Armar un artículo en verdad no es tan difícil, lo complicado y mucho, es escoger el tema. Los hay que no pasan de moda y se repiten todos los días, como sobre Simón Bolívar, Santander, Vicente Azuero, etc.; a quienes pintan como verdaderos santos, sabios, simpáticos, generosos, llenos de claridad, plenos de virtudes y sin defectos. La realidad es otra: llenos de prestigio y líderes de la comunidad, inteligentes, ejecutivos sí, pero personalmente considerados, no eran ejemplo de cariño, bondad y generosidad, eran crueles y en verdad dictadores. Iniciamos nuestra historia patria desconociendo hechos reales, por ejemplo: Charalá fue el pueblo que más muertos aportó a nuestra independencia; atajó al jefe español Fominaya que iba en busca de Bolívar, de quien se sabía que estaba en el Páramo de Pisba y se hallaba en dificultades mil. Trescientos muertos demoraron al español y cuando llegó ya el Padre de la Patria había vencido y triunfado en el Pantano de Vargas y en el Puente de Boyacá. Después vienen las dificultades muchas por el poder entre Bolívar y Santander; luego el rifi-rafe entre los dos próceres por lo de las ocañeras Ibañes, que afectó mucho nuestra historia patria. Aparece el General Cipriano de Mosquera que llenó casi 50 años de nuestra vida política, se peleó con todo el mundo y murió en sana paz. A propósito de sus últimos días se nos cuenta que se mantuvo reacio a morir en su fe y que ya adportas se confesó y comulgó, el cura que lo asistía salió emocionado a contar la historia y el General Santos Acosta dijo: “con tal de que se muera, aunque se salve”.

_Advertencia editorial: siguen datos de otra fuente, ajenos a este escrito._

(* Let $V_1,V_2$ be finite-dimensional Euclidean vector spaces and let $F\in\Lambda^2(V_1\oplus V_2)\cong\mathfrak{so}(V_1\oplus V_2)$ be a nonzero 2-form which vanishes on $V_1\wedge V_1$ and on $V_2\wedge V_2$ (i.e. $F\in V_1\otimes V_2\subset\Lambda^2(V_1\oplus V_2)$). Let $\mathfrak{g}\subset\Lambda^2(V_1\oplus V_2)$ be the Lie algebra generated by the brackets $[F,X\wedge Y]$ with $X\in V_1$, $Y\in V_2$. Then $$\mathfrak{g}=\mathfrak{so}(V_1)\oplus\mathfrak{so}(V_2),$$ unless $\dim V_1=\dim V_2=2$.
   Context: 2-forms on the Euclidean space $V=V_1\oplus V_2$ (orthogonal sum) are identified with skew-symmetric endomorphisms via $(X\wedge Y)(Z)=\langle X,Z\rangle Y-\langle Y,Z\rangle X$, and the bracket is the commutator of endomorphisms. $\mathfrak{so}(V_1)\oplus\mathfrak{so}(V_2)$ denotes the subalgebra $\Lambda^2V_1\oplus\Lambda^2V_2\subset\Lambda^2(V_1\oplus V_2)$. *)

(* Euclidean space V = V1 (+) V2 modelled as column vectors
   'cV[R]_(p + q) with the standard inner product <u,v> = u^T v;
   V1 = first p coordinates, V2 = last q coordinates. *)
From HB Require Import structures.
From mathcomp Require Import all_boot all_order all_algebra.
Set Implicit Arguments. Unset Strict Implicit. Unset Printing Implicit Defensive.
Import Order.TTheory GRing.Theory Num.Theory.
Local Open Scope ring_scope.

Section Defs.
Variable R : rcfType.
Variable n : nat.

(* (X /\ Y)(Z) = <X,Z> Y - <Y,Z> X, i.e. the matrix Y X^T - X Y^T *)
Definition wedge (X Y : 'cV[R]_n) : 'M[R]_n := Y *m X^T - X *m Y^T.

Definition lie (A B : 'M[R]_n) : 'M[R]_n := A *m B - B *m A.

Definition skew_mx (A : 'M[R]_n) : Prop := A^T = - A.

Definition subspace (P : 'M[R]_n -> Prop) : Prop :=
  P 0 /\ (forall (a : R) A B, P A -> P B -> P (a *: A + B)).

Definition lie_subalgebra (P : 'M[R]_n -> Prop) : Prop :=
  subspace P /\ (forall A B, P A -> P B -> P (lie A B)).

Definition span_of (S : 'M[R]_n -> Prop) (A : 'M[R]_n) : Prop :=
  forall P, subspace P -> (forall B, S B -> P B) -> P A.

Definition lie_generated (S : 'M[R]_n -> Prop) (A : 'M[R]_n) : Prop :=
  forall P, lie_subalgebra P -> (forall B, S B -> P B) -> P A.

Definition form2 (A : 'M[R]_n) (X Y : 'cV[R]_n) : R := ((A *m X)^T *m Y) 0 0.

End Defs.

Definition inV1 (R : rcfType) (p q : nat) (x : 'cV[R]_p) : 'cV[R]_(p + q) :=
  col_mx x 0.
Definition inV2 (R : rcfType) (p q : nat) (y : 'cV[R]_q) : 'cV[R]_(p + q) :=
  col_mx 0 y.

(* so(V1) (+) so(V2) = Lambda^2 V1 (+) Lambda^2 V2 inside Lambda^2 (V1 (+) V2):
   the span of all X /\ X' (X,X' in V1) and Y /\ Y' (Y,Y' in V2). *)
Definition so12 (R : rcfType) (p q : nat) : 'M[R]_(p + q) -> Prop :=
  span_of (fun B => (exists x x' : 'cV[R]_p, B = wedge (inV1 q x) (inV1 q x'))
                 \/ (exists y y' : 'cV[R]_q, B = wedge (inV2 p y) (inV2 p y'))).

Definition gens (R : rcfType) (p q : nat) (F : 'M[R]_(p + q)) : 'M[R]_(p + q) -> Prop :=
  fun B => exists (x : 'cV[R]_p) (y : 'cV[R]_q),
    B = lie F (wedge (inV1 q x) (inV2 p y)).

(* Write F = [[0, -M^T], [M, 0]] with M : V1 -> V2. The generator [F, x /\ y] equals
   Mx /\ y - x /\ M^T y, so g consists of block-diagonal skew matrices and lies in
   so(V1) + so(V2). Conversely, by symmetry assume dim V1 <> 2; it suffices to get
   so(V1) inside g, since subtracting x /\ M^T y from a generator then leaves Mx /\ y.
   Bracketing a generator with an element of so(V1) kills its so(V2)-part, and a
   fixed x0 <> 0 with all x0 /\ z in g produces every z /\ z' via [x0 /\ z, x0 /\ z'].
   Such an x0 exists if M has a kernel or if some x is not an eigenvector of M^T M. Otherwise
   M^T M = lam with lam <> 0, brackets of generators give [so(V1), so(V1)], and this
   is all of so(V1) when dim V1 >= 3. *)

From HB Require Import structures.
From mathcomp Require Import all_boot all_order all_algebra.
From mathcomp Require Import ring.
From Stdlib Require Import Classical.
Import Order.TTheory GRing.Theory Num.Theory.
Local Open Scope ring_scope.
Set Implicit Arguments. Unset Strict Implicit. Unset Printing Implicit Defensive.

Section Dot.
Variables (R : rcfType) (n : nat).
Implicit Types (u v w : 'cV[R]_n).

Definition dot u v : R := (u^T *m v) 0 0.

Lemma trmx_mul_col u v : u^T *m v = (dot u v)%:M.
Proof. exact: mx11_scalar. Qed.

Lemma dotC u v : dot u v = dot v u.
Proof.
have -> : dot u v = (u^T *m v)^T 0 0 by rewrite mxE.
by rewrite trmx_mul trmxK.
Qed.

Lemma dotDl u v w : dot (u + v) w = dot u w + dot v w.
Proof. by rewrite /dot linearD mulmxDl mxE. Qed.

Lemma dotZl a u w : dot (a *: u) w = a * dot u w.
Proof. by rewrite /dot linearZ -scalemxAl mxE. Qed.

Lemma dotDr u v w : dot w (u + v) = dot w u + dot w v.
Proof. by rewrite dotC dotDl !(dotC w). Qed.

Lemma dotZr a u w : dot w (a *: u) = a * dot w u.
Proof. by rewrite dotC dotZl dotC. Qed.

Lemma dot0l u : dot 0 u = 0.
Proof. by rewrite /dot trmx0 mul0mx mxE. Qed.

Lemma dot0r u : dot u 0 = 0.
Proof. by rewrite dotC dot0l. Qed.

Lemma dotNl u w : dot (- u) w = - dot u w.
Proof. by rewrite -scaleN1r dotZl mulN1r. Qed.

Lemma dotNr u w : dot w (- u) = - dot w u.
Proof. by rewrite dotC dotNl dotC. Qed.

Lemma dot_eq0 u : dot u u = 0 -> u = 0.
Proof.
rewrite /dot mxE => /eqP; rewrite psumr_eq0 => [/allP u0|i _]; last first.
  by rewrite mxE -expr2 sqr_ge0.
apply/matrixP => i j; rewrite (ord1 j) !mxE.
by have := u0 i (mem_index_enum i); rewrite mxE /= mulf_eq0 orbb => /eqP.
Qed.

Lemma dot_neq0 u : u != 0 -> dot u u != 0.
Proof. by apply: contraNneq => /dot_eq0 ->. Qed.

Lemma dot_delta (i j : 'I_n) :
  dot (delta_mx i 0) (delta_mx j 0) = (i == j)%:R.
Proof.
rewrite /dot mxE (bigD1 i) //= big1 => [|k nk]; last by rewrite !mxE (negbTE nk) mul0r.
by rewrite !mxE !eqxx /= andbT mul1r addr0.
Qed.

End Dot.

Lemma dot_mulmxl (R : rcfType) m n (A : 'M[R]_(m, n)) (u : 'cV[R]_n) (v : 'cV[R]_m) :
  dot (A *m u) v = dot u (A^T *m v).
Proof. by rewrite /dot trmx_mul mulmxA. Qed.

Lemma dot_col_mx (R : rcfType) p q (a c : 'cV[R]_p) (b d : 'cV[R]_q) :
  dot (col_mx a b) (col_mx c d) = dot a c + dot b d.
Proof. by rewrite /dot tr_col_mx mul_row_col mxE. Qed.

Section Wedge.
Variables (R : rcfType) (n : nat).
Implicit Types (a b c d : 'cV[R]_n) (A B C : 'M[R]_n).

Lemma wedge_mulmx a b c : wedge a b *m c = dot a c *: b - dot b c *: a.
Proof. by rewrite /wedge mulmxBl -!mulmxA !trmx_mul_col !mul_mx_scalar. Qed.

Lemma wedgeE a b i j : wedge a b i j = b i 0 * a j 0 - a i 0 * b j 0.
Proof. by rewrite /wedge !mxE !big_ord1 !mxE. Qed.

Lemma wedgeC a b : wedge b a = - wedge a b.
Proof. by rewrite /wedge opprB. Qed.

Lemma wedgexx a : wedge a a = 0.
Proof. by rewrite /wedge subrr. Qed.

Lemma wedgeDl a b c : wedge (a + b) c = wedge a c + wedge b c.
Proof.
rewrite /wedge linearD mulmxDr mulmxDl.
by apply/matrixP => i j; rewrite !mxE; ring.
Qed.

Lemma wedgeZl k a c : wedge (k *: a) c = k *: wedge a c.
Proof. by rewrite /wedge linearZ /= -scalemxAr -scalemxAl scalerBr. Qed.

Lemma wedgeDr c a b : wedge c (a + b) = wedge c a + wedge c b.
Proof. by rewrite wedgeC wedgeDl opprD -!wedgeC. Qed.

Lemma wedgeZr c k a : wedge c (k *: a) = k *: wedge c a.
Proof. by rewrite wedgeC wedgeZl -scalerN -wedgeC. Qed.

Lemma wedgeNl a c : wedge (- a) c = - wedge a c.
Proof. by rewrite -scaleN1r wedgeZl scaleN1r. Qed.

Lemma wedgeNr c a : wedge c (- a) = - wedge c a.
Proof. by rewrite -scaleN1r wedgeZr scaleN1r. Qed.

Lemma wedgeBl a b c : wedge (a - b) c = wedge a c - wedge b c.
Proof. by rewrite wedgeDl wedgeNl. Qed.

Lemma wedgeBr c a b : wedge c (a - b) = wedge c a - wedge c b.
Proof. by rewrite wedgeDr wedgeNr. Qed.

Lemma wedge0l a : wedge 0 a = 0.
Proof. by rewrite -(scale0r 0) wedgeZl scale0r. Qed.

Lemma wedge0r a : wedge a 0 = 0.
Proof. by rewrite -(scale0r 0) wedgeZr scale0r. Qed.

Lemma wedge_skew a b : skew_mx (wedge a b).
Proof. by rewrite /skew_mx /wedge linearB /= !trmx_mul !trmxK opprB. Qed.

Lemma lieDl A B C : lie (A + B) C = lie A C + lie B C.
Proof. by rewrite /lie mulmxDl mulmxDr addrACA opprD. Qed.

Lemma lieZl k A C : lie (k *: A) C = k *: lie A C.
Proof. by rewrite /lie -scalemxAl -scalemxAr scalerBr. Qed.

Lemma lieNl A C : lie (- A) C = - lie A C.
Proof. by rewrite -scaleN1r lieZl scaleN1r. Qed.

Lemma lieBl A B C : lie (A - B) C = lie A C - lie B C.
Proof. by rewrite lieDl lieNl. Qed.

Lemma lieC A B : lie B A = - lie A B.
Proof. by rewrite /lie opprB. Qed.

Lemma lieZr k A C : lie C (k *: A) = k *: lie C A.
Proof. by rewrite lieC lieZl lieC scalerN opprK. Qed.

Lemma lieBr A B C : lie C (A - B) = lie C A - lie C B.
Proof. by rewrite /lie mulmxBr mulmxBl; apply/matrixP => i j; rewrite !mxE; ring. Qed.

Lemma lie_skew_wedge A c d : skew_mx A ->
  lie A (wedge c d) = wedge (A *m c) d + wedge c (A *m d).
Proof.
rewrite /skew_mx => skA; rewrite /lie /wedge !trmx_mul skA.
rewrite !mulmxN !mulmxBr !mulmxBl !mulmxA.
move: (A *m d *m c^T) (A *m c *m d^T) (d *m c^T *m A) (c *m d^T *m A) => X Y Z W.
by apply/matrixP => i j; rewrite !mxE; ring.
Qed.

A finales del siglo XVIII apareció el más hábil político de nuestra historia, el Dr. Rafael Núñez, quien mandó como se le dio la gana y murió tranquilo en la finca de Doña Soledad Román. Continúa la historia el General Reyes que fue rey supremo durante casi diez años y abandonó el poder viajando a Europa. El resto de la historia, en otra ocasión.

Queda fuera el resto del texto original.